後記
太平洋一有主小島,女人飯後提膠桶補三樓樓頂。
她光着腳踩在紅木長板,仰頭估量一番,白膠貌似不夠了,卻仍踩了樓梯上去。
登上樓頂,她伸手一摸,積土已有一個指節般厚。
頂樓東西北三面是緊閉的落地窗,只有朝南方向正對着海平面,每日擁攬光線與海風,土必然是從南邊刮進來的。
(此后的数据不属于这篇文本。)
Lemma OmegaD_near D a B : openR2 D -> D a B -> 0 < B ->
  exists r, 0 < r /\ forall Y, coord Y 0 = 0 -> Rabs (onorm2 Y - B ^ 2) < r ->
    OmegaD D (oadd (oreal a) Y).
Proof.
  intros Hop HD HB. destruct (Hop a B HD) as [eps [Heps Hball]].
  pose proof (Rmin_l eps B); pose proof (Rmin_r eps B).
  assert (Hm : 0 < Rmin eps B) by (apply Rmin_glb_lt; assumption).
  exists (B * Rmin eps B / 2). split; [nra |]. intros Y HY0 HY.
  pose proof (sqrt_pos (onorm2 Y)) as Hrho.
  pose proof (sqrt_sqrt _ (onorm2_nonneg Y)) as Hsq.
  fold (onorm Y) in Hrho, Hsq.
  (* from (rho - B) (rho + B) = rho^2 - B^2 and rho + B >= B *)
  assert (Hclose : Rabs (onorm Y - B) < Rmin eps B / 2).
  { apply Rabs_def1; apply Rabs_def2 in HY; nra. }
  apply Rabs_def2 in Hclose.
  apply OmegaD_of_imaginary; [exact HY0 | lra |].
  apply Hball; [rewrite Rminus_diag, Rabs_R0; exact Heps | apply Rabs_def1; lra].
Qed.

Lemma OmegaD_plane_nbhd D a b I h k :
  openR2 D -> (forall a b, D a b -> D a (- b)) -> D a b -> sphereS I -> b <> 0 ->
  (1 <= h <= 7)%nat -> (1 <= k <= 7)%nat -> h <> k ->
  locally_2d (fun u v => OmegaD D (plane (oadd (oreal a) (oscale b I)) h k u v)) 0 0.
Proof.
  intros Hop Hsym HD HI Hb Hh Hk Hhk. apply sphereS_iff in HI as [HI0 HI1].
  set (B := Rabs b).
  assert (HB : 0 < B) by (apply Rabs_pos_lt, Hb).
  assert (HDB : D a B) by (unfold B, Rabs; destruct Rcase_abs; auto).
  assert (HbB : b ^ 2 = B ^ 2) by (unfold B; rewrite pow2_abs; reflexivity).
  assert (HIle : forall c, (c < 8)%nat -> -1 <= coord I c <= 1).
  { intros c Hc. apply Rabs_le_between. rewrite <- sqrt_1, <- HI1. apply coord_le_onorm, Hc. }
  destruct (OmegaD_near D a B Hop HDB HB) as [r [Hr Hnear]].
  set (delta := Rmin 1 (r / (4 * B + 2))).
  assert (Hdelta : 0 < delta) by (apply Rmin_glb_lt; [lra | apply Rdiv_lt_0_compat; lra]).
  assert (Hd1 : delta <= 1) by apply Rmin_l.
  assert (Hdr : (4 * B + 2) * delta <= r).
  { assert (delta <= r / (4 * B + 2)) by apply Rmin_r.
    apply Rmult_le_reg_r with (/ (4 * B + 2)); [apply Rinv_0_lt_compat; lra |].
    replace ((4 * B + 2) * delta * / (4 * B + 2)) with delta by (field; lra). lra. }
  exists (mkposreal _ Hdelta). intros u v Hu Hv; simpl in Hu, Hv.
  rewrite Rminus_0_r in Hu, Hv. apply Rabs_def2 in Hu, Hv.
  replace (plane (oadd (oreal a) (oscale b I)) h k u v)
    with (oadd (oreal a) (plane (oscale b I) h k u v))
    by (apply oct_ext; intros; rewrite !coord_oadd, !coord_plane, coord_oadd by assumption; ring).
  apply Hnear.
  - rewrite coord_plane, coord_oscale, HI0 by lia.
    destruct (Nat.eqb_spec 0 h), (Nat.eqb_spec 0 k); try lia; ring.
  - rewrite onorm2_plane, onorm2_oscale, !coord_oscale, HI1 by lia.
    pose proof (HIle h ltac:(lia)); pose proof (HIle k ltac:(lia)).
    assert (Hbd : - B <= b <= B) by (apply Rabs_le_between; unfold B; lra).
    assert (Hw : Rabs (u * coord I h + v * coord I k) <= 2 * delta) by (apply Rabs_le; nra).
    apply Rabs_le_between in Hw.
    apply Rabs_def1; nra.
Qed.

Definition rotation (I : oct) (m n : nat) (t : R) : oct :=
  plane I m n ((cos t - 1) * coord I m - sin t * coord I n)
              ((cos t - 1) * coord I n + sin t * coord I m).

Lemma sphereS_rotation I m n t : sphereS I ->
  (1 <= m <= 7)%nat -> (1 <= n <= 7)%nat -> m <> n -> sphereS (rotation I m n t).
Proof.
  rewrite !sphereS_iff. intros [HI0 HI1] Hm Hn Hmn. unfold rotation. split.
  - rewrite coord_plane, HI0 by lia.
    destruct (Nat.eqb_spec 0 m), (Nat.eqb_spec 0 n); try lia; ring.
  - rewrite onorm2_plane, HI1 by lia. pose proof (sin2_cos2 t) as Hsc; unfold Rsqr in Hsc.
    transitivity (1 + (coord I m ^ 2 + coord I n ^ 2) * (sin t * sin t + cos t * cos t - 1));
      [ring | rewrite Hsc; ring].
Qed.

Lemma slice_rotation_plane a b I m n t :
  oadd (oreal a) (oscale b (rotation I m n t))
  = plane (oadd (oreal a) (oscale b I)) m n
      (b * ((cos t - 1) * coord I m - sin t * coord I n))
      (b * ((cos t - 1) * coord I n + sin t * coord I m)).
Proof.
  apply oct_ext; intros; unfold rotation.
  rewrite coord_oadd, coord_oscale, !coord_plane, coord_oadd, coord_oscale by assumption; ring.
Qed.

Lemma is_derive_slice_rotation D f F1 F2 a b I m n c :
  stem_of D f F1 F2 -> D a b -> sphereS I ->
  (1 <= m <= 7)%nat -> (1 <= n <= 7)%nat -> m <> n ->
  is_derive (fun t => coord (f (oadd (oreal a) (oscale b (rotation I m n t)))) c) 0
    (coord (omul (osub (oscale (coord I m) (ebasis n)) (oscale (coord I n) (ebasis m)))
                 (F2 a b)) c).
Proof.
  intros [_ [_ Hf]] HD HI Hm Hn Hmn.
  apply (is_derive_ext (fun t => coord (F1 a b) c + (coord (omul I (F2 a b)) c
    + ((cos t - 1) * coord I m - sin t * coord I n) * coord (omul (ebasis m) (F2 a b)) c
    + ((cos t - 1) * coord I n + sin t * coord I m) * coord (omul (ebasis n) (F2 a b)) c))).
  - intro t. rewrite Hf by auto using sphereS_rotation. unfold rotation, plane.
    rewrite !omul_oaddl, !omul_oscalel, !coord_oadd, !coord_oscale. reflexivity.
  - rewrite omul_osubl, !omul_oscalel, coord_osub, !coord_oscale.
    auto_derive; [auto | rewrite sin_0, cos_0; ring].
Qed.

Lemma Lop_slice D f F1 F2 a b I m n :
  openR2 D -> (forall a b, D a b -> D a (- b)) -> C1_on (OmegaD D) f -> stem_of D f F1 F2 ->
  D a b -> sphereS I -> b <> 0 -> (1 <= m <= 7)%nat -> (1 <= n <= 7)%nat -> m <> n ->
  let x := oadd (oreal a) (oscale b I) in
  Lop m n f x
  = omul (osub (oscale (coord x m) (ebasis n)) (oscale (coord x n) (ebasis m)))
         (oscale (/ b) (F2 a b)).
Proof.
  intros Hop Hsym HC1 Hstem HD HI Hb Hm Hn Hmn x.
  assert (Hx : forall j, (1 <= j)%nat -> coord x j = b * coord I j).
  { intros j Hj. unfold x. rewrite coord_oadd, coord_oreal, coord_oscale.
    destruct (Nat.eqb_spec j 0); [lia | ring]. }
  apply oct_ext; intros c Hc.
  set (p := fun t => b * ((cos t - 1) * coord I m - sin t * coord I n)).
  set (q := fun t => b * ((cos t - 1) * coord I n + sin t * coord I m)).
  assert (Hp : derivable_pt_lim p 0 (- (b * coord I n)))
    by (apply is_derive_Reals; unfold p; auto_derive; [auto | rewrite sin_0, cos_0; ring]).
  assert (Hq : derivable_pt_lim q 0 (b * coord I m))
    by (apply is_derive_Reals; unfold q; auto_derive; [auto | rewrite sin_0, cos_0; ring]).
  assert (Hdiff : differentiable_pt_lim (fun u v => coord (f (plane x m n u v)) c) (p 0) (q 0)
                    (coord (opartial m f x) c) (coord (opartial n f x) c)).
  { replace (p 0) with 0 by (unfold p; rewrite sin_0, cos_0; ring).
    replace (q 0) with 0 by (unfold q; rewrite sin_0, cos_0; ring).
    apply (differentiable_plane_of_C1 (OmegaD D)); try lia; [exact HC1 |].
    apply OmegaD_plane_nbhd; assumption. }
  assert (Hchain : coord (opartial m f x) c * (- (b * coord I n))
                    + coord (opartial n f x) c * (b * coord I m)
    = coord (omul (osub (oscale (coord I m) (ebasis n)) (oscale (coord I n) (ebasis m)))
                  (F2 a b)) c).
  { apply (uniqueness_limite (fun t => coord (f (plane x m n (p t) (q t))) c) 0).
    - exact (derivable_pt_lim_comp_2d _ p q 0 _ _ _ _ Hdiff Hp Hq).
    - apply is_derive_Reals.
      apply (is_derive_ext (fun t => coord (f (oadd (oreal a) (oscale b (rotation I m n t)))) c)).
      + intro t. rewrite slice_rotation_plane. reflexivity.
      + apply (is_derive_slice_rotation D f F1); assumption. }
  rewrite omul_osubl, !omul_oscalel, coord_osub, !coord_oscale in Hchain.
  unfold Lop. rewrite omul_oscaler, omul_osubl, !omul_oscalel.
  rewrite !coord_oscale, !coord_osub, !coord_oscale, !Hx by lia.
  transitivity (coord (opartial m f x) c * (- (b * coord I n))
                + coord (opartial n f x) c * (b * coord I m));
    [ring | rewrite Hchain; field; exact Hb].
Qed.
她心想,晚上得跟某人講講,在南邊砌道牆,省得天天喫土。
窗戶補好便到了晚上,男人外出回來,牽了條狗。
女人眉頭緊皺,問他:“什麼玩意?”
“別人送的。”
“我不養!”
男人把它拴在樓梯,“它有點暈船,讓它緩緩。”
女人走過去,把他衣裳脫了。
男人順勢摟住她的腰,湊到她頸間,女人推開他說:“別動!我拿去洗了。”
洗什麼衣服?男人將她壓在樓梯臺階處,當着狗的面,折騰了半宿。
女人一拳捶在他胸膛。
男人偏頭親她的眼睛。
女人翻身躺在他懷裏,想起樓頂的事,便說:“南邊要砌牆了,你買島時,沒看這房的好壞?”
男人說:“明天換個島。”
“嗯?”女人扭頭看他。
男人說:“買了很多,你慢慢挑。”
“很多是多少。”
“我一般很少用‘很’這種詞。”
女人瞭然,跳過話題,當做沒聽過,“你現在已經‘死’了,能自己動手的事,就不要找別人了,以免被人知道。”
男人毫不在意,“知道又怎樣?”
女人對此有疑問,撐着他起身:“既然他們不會怎麼樣我們,那我們爲什麼要‘死’?”
“我們做了許多那個世界不允許的事,自然,那個世界的規則不允許我們活着。”
女人覺得可笑,“那爲什麼我們活着?”
“因爲我們是壞人,不守規則。”
女人真喜歡他這樣子,那也是她最想成爲的樣子,野蠻生長的樣子。
她要學學他,學不會,就親親他。